# 100watt solar pannel



## moondancer (Dec 21, 2013)

Are 100 watts of panel enough for lighting in a 1500 sqf house 


Sent from my iPhone using Survival Forum


----------



## moondancer (Dec 21, 2013)

I should say I plan to use 12 volt lights 


Sent from my iPhone using Survival Forum


----------



## NaeKid (Oct 17, 2008)

Maybe ... what kind of batteries are you putting into the system and what kind of wiring are you planning to use between the panel, the solar-charge-controller, the batteries and the LED-lighting?


----------



## moondancer (Dec 21, 2013)

I plan on all low voltage system so low voltage wire I'm open to all suggestions and help the system will be 100 watt panel with a 1000 watt wind mill ( I live in low wind area so not expecting much from it ) I have a 1000 watt inverter and need recommendation on number of batts for this simple starter set up 


Sent from my iPhone using Survival Forum


----------



## cowboyhermit (Nov 10, 2012)

Depends on what level of illumination you are looking at. Think of it this way, a 100W panel is about the size of a decent window @100% efficiency that is how much light you could produce from that panel per hour.

So many factors come into play but just a very basic and generous formula 100Wx12hours of sunlight=1200Wh (watt hours), after inevitable inefficiencies you would not have more than 1000Wh, that would let you run a 100W incandescent for 10hours or 10 for 1 hour, obviously you wouldn't want to do that. You could run 4 25W fluorescents for the same 10 hours. Or you could run 100 1W leds for 10 hours.

Realistically, you don't likely have 12hrs of sunlight and losses will be greater but hopefully this gives a bit of understanding without knowing your situation. 

Typically I would pair a 100W panel with a 100Ah (about 1200Wh) battery, again depending on circumstance, this does not give much reserve capacity for cloudy days as here our sun is fairly consistent.


----------



## mosquitomountainman (Jan 25, 2010)

It all depends on how much power you use. We use a 100 watt panel on our U-Haul camper conversion. It's enough for us but then we (mostly our grandson) watch about two hours of movies/cartoons daily using a portable DVD player and Susan and I use our notebook computers for a few hours every day. We normally operate one, 15 watt LED light. for a few hours in the evening. We have one deep-cycle battery and a 400 watt inverter.

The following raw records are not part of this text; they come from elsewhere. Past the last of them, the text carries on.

(* Let $G=(V,E)$ be a connected simple graph on $n$ vertices equipped with the minimum degree conductance function $c(u,v)=\frac{1}{\min[d(u),d(v)]}$, and for every $e\in E$ let $R(e)$ denote the effective resistance between the endpoints of $e$ in the electrical network in which each edge $e$ is a resistor of resistance $1/c(e)$. Then for every set $T\subseteq E$ of edges forming a spanning tree of $G$, $CYC[G,c]\le 2(n-1)\sum_{e\in T}R(e)$.
   Context: $d(v)$ is the degree of $v$. The effective resistance $R(u,v)$ is the voltage at $u$ when a current of 1 unit is injected at $u$ and $v$ is grounded. The random walk associated with $c$ moves from $v$ to a neighbor $u$ with probability $\frac{c(v,u)}{\sum_{w\in N(v)}c(v,w)}$; $H[u,v]$ is the expected number of steps from $u$ to reach $v$; the cyclic cover time is $CYC[G,c]=\min_{\sigma}\left(\sum_{i=1}^{n-1}H[v_{\sigma(i)},v_{\sigma(i+1)}]+H[v_{\sigma(n)},v_{\sigma(1)}]\right)$, minimum over orderings $\sigma$ of the vertices. *)

From Stdlib Require Import Reals Lra List Relations Permutation.
Open Scope R_scope.

(* Graphs: vertex set {0,...,n-1}; edges given by a boolean relation adj. *)

Fixpoint fsum (m : nat) (f : nat -> R) : R :=
  match m with
  | O => 0
  | S k => fsum k f + f k
  end.

Definition simple_graph (n : nat) (adj : nat -> nat -> bool) : Prop :=
  (forall x y, adj x y = adj y x) /\
  (forall x, adj x x = false) /\
  (forall x y, adj x y = true -> (x < n)%nat /\ (y < n)%nat).

Definition connected (n : nat) (adj : nat -> nat -> bool) : Prop :=
  forall u v, (u < n)%nat -> (v < n)%nat ->
    clos_refl_trans nat (fun x y => adj x y = true) u v.

Definition deg (n : nat) (adj : nat -> nat -> bool) (v : nat) : nat :=
  length (filter (adj v) (seq 0 n)).
(* Let $d\ge3$, $h\ge1$, $1\le n\le h$, and let $j_1\ne j_2$ be two vertices at distance $n$ from the root that have the same parent. Then the order of $\bar{\mathbf{x}}_{j_1}-\bar{\mathbf{x}}_{j_2}$ in $G(d,h)$ is $\theta(d,h+2-n)$, where $\theta(d,m):=\frac{(d-1)^m-1}{d-2}$.
   Context: Let $\mathcal{T}(d,h)$ be the rooted tree in which the root $0$ has $d$ children, every vertex at distance $1,\dots,h-1$ from the root has $d-1$ children, and the vertices at distance $h$ are leaves. Let $V$ be its vertex set, $A$ its adjacency matrix, $\Delta := dI-A$, and $\Lambda\subset\mathbb{Z}^V$ the lattice spanned by the rows of $\Delta$. Then $G(d,h):=\mathbb{Z}^V/\Lambda$; $\{\mathbf{x}_i:i\in V\}$ is the standard basis of $\mathbb{Z}^V$ and $\bar{\mathbf{v}}$ denotes the image of $\mathbf{v}\in\mathbb{Z}^V$ in $G(d,h)$. *)

From mathcomp Require Import all_boot all_order all_algebra.
Set Implicit Arguments. Unset Strict Implicit. Unset Printing Implicit Defensive.
Import Order.TTheory GRing.Theory Num.Theory.

(* Vertices of T(d,h): a vertex at depth k is encoded by its path of child
   indices (c_0, ..., c_{k-1}) from the root, with c_0 < d (the root has d
   children) and c_i < d-1 for i >= 1 (other internal vertices have d-1
   children); entries at positions >= k are normalised to 0. *)
Definition vraw (d h : nat) := ('I_h.+1 * {ffun 'I_h -> 'I_d})%type.

Definition vvalid (d h : nat) (x : vraw d h) : bool :=
  [forall i : 'I_h, ((x.1 <= i)%N ==> (val (x.2 i) == 0%N))
                    && ((1 <= i)%N ==> (val (x.2 i) < d.-1)%N)].

Definition vertex (d h : nat) := {x : vraw d h | vvalid x}.

Definition depth d h (v : vertex d h) : nat := val (val v).1.
Definition lab d h (v : vertex d h) : {ffun 'I_h -> 'I_d} := (val v).2.

Definition parentb d h (u v : vertex d h) : bool :=
  (depth v == (depth u).+1) &&
  [forall i : 'I_h, (i < depth u)%N ==> (lab v i == lab u i)].

Definition adj d h (u v : vertex d h) : bool := parentb u v || parentb v u.

Definition Delta d h (u v : vertex d h) : int :=
  ((if u == v then d%:Z else 0) - (if adj u v then 1 else 0))%R.

Definition inLattice d h (z : vertex d h -> int) : Prop :=
  exists c : vertex d h -> int,
    forall v, z v = (\sum_(u : vertex d h) c u * Delta u v)%R.

Definition xb d h (i : vertex d h) : vertex d h -> int :=
  fun v => if v == i then 1%R else 0%R.

(* n is the order of the class of z in G(d,h) = Z^V / Lambda *)
Definition is_order_in_G d h (z : vertex d h -> int) (n : nat) : Prop :=
  (0 < n)%N /\ inLattice (fun v => (z v *+ n)%R) /\
  forall k : nat, (0 < k)%N -> inLattice (fun v => (z v *+ k)%R) -> (n <= k)%N.

(* theta(d,m) = ((d-1)^m - 1)/(d-2) (exact division for d >= 3) *)
Definition theta (d m : nat) : nat := ((d.-1) ^ m).-1 %/ (d - 2).

From mathcomp Require Import all_boot all_order all_algebra.
From mathcomp Require Import zify.
Set Implicit Arguments. Unset Strict Implicit. Unset Printing Implicit Defensive.
Import Order.TTheory GRing.Theory Num.Theory.

(* For a vertex j at depth n >= 1 with parent p, let the potential W_j ([pot j])
   be theta(d, h+1-|u|) on the vertices u of the subtree rooted at j and 0
   elsewhere.  The identity d theta(m+1) - (d-1) theta(m) = theta(m+2) gives
   Delta W_j = theta(h+2-n) x_j - theta(h+1-n) x_p.  For siblings j1, j2 the
   parent terms cancel, so Delta (W_j1 - W_j2) = theta(h+2-n) (x_j1 - x_j2),
   which lies in Lambda because Delta is symmetric.
   Conversely, if k (x_j1 - x_j2) is in Lambda, pairing it with W_a - W_b for
   siblings a, b of j1 shows that theta(h+2-n) divides
   k ((W_a - W_b)(j1) - (W_a - W_b)(j2)).  With (a, b) = (j1, j2) this is
   2 k theta(h+1-n); with a = j1 and b a third sibling it is k theta(h+1-n).
   Consecutive values of theta are coprime, a third sibling exists when d >= 4,
   and for d = 3 every theta(m+1) = 2^(m+1) - 1 is odd. *)

Section Theta.
Variable d : nat.
Hypothesis d_ge3 : (3 <= d)%N.

Fixpoint theta_rec (a : nat) : nat :=
  if a is a'.+1 then d.-1 * theta_rec a' + 1 else 0.

Lemma theta_recE a : theta d a = theta_rec a.
Proof.
have closed_form b : (d - 2) * theta_rec b + 1 = d.-1 ^ b.
  by elim: b => [|b IH]; rewrite ?expn0 ?muln0 // expnS -IH /=; nia.
by rewrite /theta -closed_form addn1 /= mulKn //; lia.
Qed.

Lemma theta0 : theta d 0 = 0.
Proof. by rewrite theta_recE. Qed.

Lemma thetaS a : theta d a.+1 = d.-1 * theta d a + 1.
Proof. by rewrite !theta_recE. Qed.

Lemma theta_gt0 a : (0 < theta d a.+1)%N.
Proof. by rewrite thetaS addn1. Qed.

Lemma coprime_thetaS a : coprime (theta d a.+1) (theta d a).
Proof.
by rewrite thetaS /coprime -gcdn_modl -modnDml modnMl add0n gcdn_modl gcd1n.
Qed.

Lemma theta_balance a :
  (d%:Z * (theta d a.+1)%:Z - (d.-1 * theta d a)%:Z = (theta d a.+2)%:Z)%R.
Proof. rewrite [theta d a.+2]thetaS thetaS; lia. Qed.

Lemma odd_thetaS a : odd d -> odd (theta d a.+1).
Proof. by rewrite thetaS addn1 /= oddM; case: d d_ge3 => // d' _ /= /negbTE ->. Qed.

End Theta.

Section Vertices.
Variables d h : nat.
Implicit Types u v j : vertex d h.

Lemma lab_ge_depth v (i : 'I_h) : (depth v <= i)%N -> val (lab v i) = 0.
Proof. by move=> le_vi; have /forallP/(_ i)/andP[/implyP/(_ le_vi)/eqP] := valP v. Qed.

Lemma lab_lt v (i : 'I_h) : (1 <= i)%N -> (val (lab v i) < d.-1)%N.
Proof. by move=> i_ge1; have /forallP/(_ i)/andP[_ /implyP/(_ i_ge1)] := valP v. Qed.

Lemma depth_le v : (depth v <= h)%N.
Proof. exact: (ltn_ord (val v).1). Qed.

Lemma eq_vertex u v : depth u = depth v ->
  (forall i : 'I_h, (i < depth u)%N -> lab u i = lab v i) -> u = v.
Proof.
move=> eq_depth eq_lab; apply: val_inj.
rewrite [val u]surjective_pairing [val v]surjective_pairing.
congr pair; first exact: val_inj.
apply/ffunP => i; case: (ltnP i (depth u)) => hi; first exact: eq_lab.
by apply: val_inj; rewrite [LHS]lab_ge_depth // [RHS]lab_ge_depth // -eq_depth.
Qed.

Lemma parentb_depth u v : parentb u v -> depth v = (depth u).+1.
Proof. by case/andP=> /eqP. Qed.

Lemma parentb_lab u v (i : 'I_h) : parentb u v -> (i < depth u)%N -> lab v i = lab u i.
Proof. by case/andP=> _ /forallP/(_ i)/implyP H /H/eqP. Qed.

Lemma parentb_uniq u u' v : parentb u v -> parentb u' v -> u = u'.
Proof.
move=> uv u'v; have eq_depth : depth u = depth u'.
  by apply/succn_inj; rewrite -(parentb_depth uv) -(parentb_depth u'v).
apply: eq_vertex => // i hi.
by rewrite -(parentb_lab uv hi) (parentb_lab u'v) // -eq_depth.
Qed.

Lemma siblings_depth p u v : parentb p u -> parentb p v -> depth u = depth v.
Proof. by move=> /parentb_depth -> /parentb_depth ->. Qed.

Lemma parentb_asym u v : parentb u v -> ~~ parentb v u.
Proof.
move/parentb_depth=> duv; apply/negP=> /parentb_depth; lia.
Qed.

Lemma exists_parent v : (0 < depth v)%N -> exists u, parentb u v.
Proof.
move=> v_gt0; have i0 : 'I_h := Ordinal (leq_trans v_gt0 (depth_le v)).
have d_gt0 : (0 < d)%N := leq_ltn_trans (leq0n _) (ltn_ord (lab v i0)).
pose r : vraw d h := (inord (depth v).-1,
   [ffun i : 'I_h => if (i < (depth v).-1)%N then lab v i else Ordinal d_gt0]).
have r_depth : val r.1 = (depth v).-1 by rewrite /= inordK //; have := depth_le v; lia.
have r_valid : vvalid r.
  apply/forallP => i; rewrite r_depth ffunE.
  case: ifP => hi; apply/andP; split; apply/implyP => // hyp.
  - lia.
  - exact: lab_lt.
  - exact: leq_ltn_trans (leq0n _) (lab_lt v hyp).
exists (exist _ r r_valid); apply/andP; split.
  by rewrite /depth /= r_depth prednK.
apply/forallP => i; apply/implyP; rewrite /depth /= r_depth => hi.
by rewrite /lab /= ffunE hi.
Qed.

Section Children.
Variable v : vertex d h.
Hypothesis v_lt_h : (depth v < h)%N.

Definition child_raw (c : 'I_d.-1) : vraw d h := (inord (depth v).+1,
  [ffun i : 'I_h => if i == depth v :> nat then widen_ord (leq_pred d) c else lab v i]).

Lemma child_raw_depth c : val (child_raw c).1 = (depth v).+1.
Proof. by rewrite /= inordK. Qed.

Lemma child_raw_valid c : vvalid (child_raw c).
Proof.
apply/forallP => i; rewrite child_raw_depth ffunE.
case: ifP => /eqP hi; apply/andP; split; apply/implyP => hyp.
- lia.
- exact: (ltn_ord c).
- by rewrite lab_ge_depth //; lia.
- exact: lab_lt.
Qed.

Definition child c : vertex d h := exist _ (child_raw c) (child_raw_valid c).

Lemma child_depth c : depth (child c) = (depth v).+1.
Proof. exact: child_raw_depth. Qed.

Lemma child_lab c i : lab (child c) i =
  if i == depth v :> nat then widen_ord (leq_pred d) c else lab v i.
Proof. by rewrite /lab ffunE. Qed.

Lemma parentb_child c : parentb v (child c).
Proof.
apply/andP; split; first by rewrite child_depth.
by apply/forallP => i; apply/implyP => hi; rewrite child_lab ltn_eqF.
Qed.

Lemma child_inj : injective child.
Proof.
move=> c c' /(congr1 (fun u => val (lab u (Ordinal v_lt_h)))).
by rewrite !child_lab /= eqxx => eq_c; apply: val_inj.
Qed.

Lemma parentb_codom_child u : (0 < depth v)%N -> parentb v u -> u \in codom child.
Proof.
move=> v_gt0 vu; pose i : 'I_h := Ordinal v_lt_h.
apply/codomP; exists (Ordinal (lab_lt u (i := i) v_gt0)).
apply: eq_vertex => [|k hk]; first by rewrite child_depth (parentb_depth vu).
rewrite child_lab; case: eqP => [ik | /eqP ik].
  by apply: val_inj; congr (val (lab u _)); apply: val_inj; rewrite /= ik.
by rewrite (parentb_lab vu) //; move: hk; rewrite (parentb_depth vu); lia.
Qed.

If we get a couple of cloudy days we run out of power and either use a generator (seldom!) or quit using electricity until the battery is recharged (may take a day or two). 

In our big motorhome we have two, 135 watt panels that keep our small refrigerator running, a couple of hours of watching television using a DVD player and small television, (all purchased for their low power consumption) and one, 12 volt light. Our notebook computers (2) use about 20 to 25 watts of power. We spend several hours a day on them (we are writers). It works for us. We have four golf-cart batteries for power storage. Right now our 400 watt wind turbine is churning it's little blades off because the wind is howling outside. We can run everything electrical in the motorhome without running low on power at this moment and probably the next few days! 

You normally get about five to six hours of direct sunlight which is needed for maximum output. So, expect to get 500 to 700 watts of power produced. Expect to lose a percentage of that power to resistance in lines, connections etc. (for example: if you draw 100 watts of power from a battery it will take approximately 125 watts of charging power to bring the battery back to it's previous level of charge). 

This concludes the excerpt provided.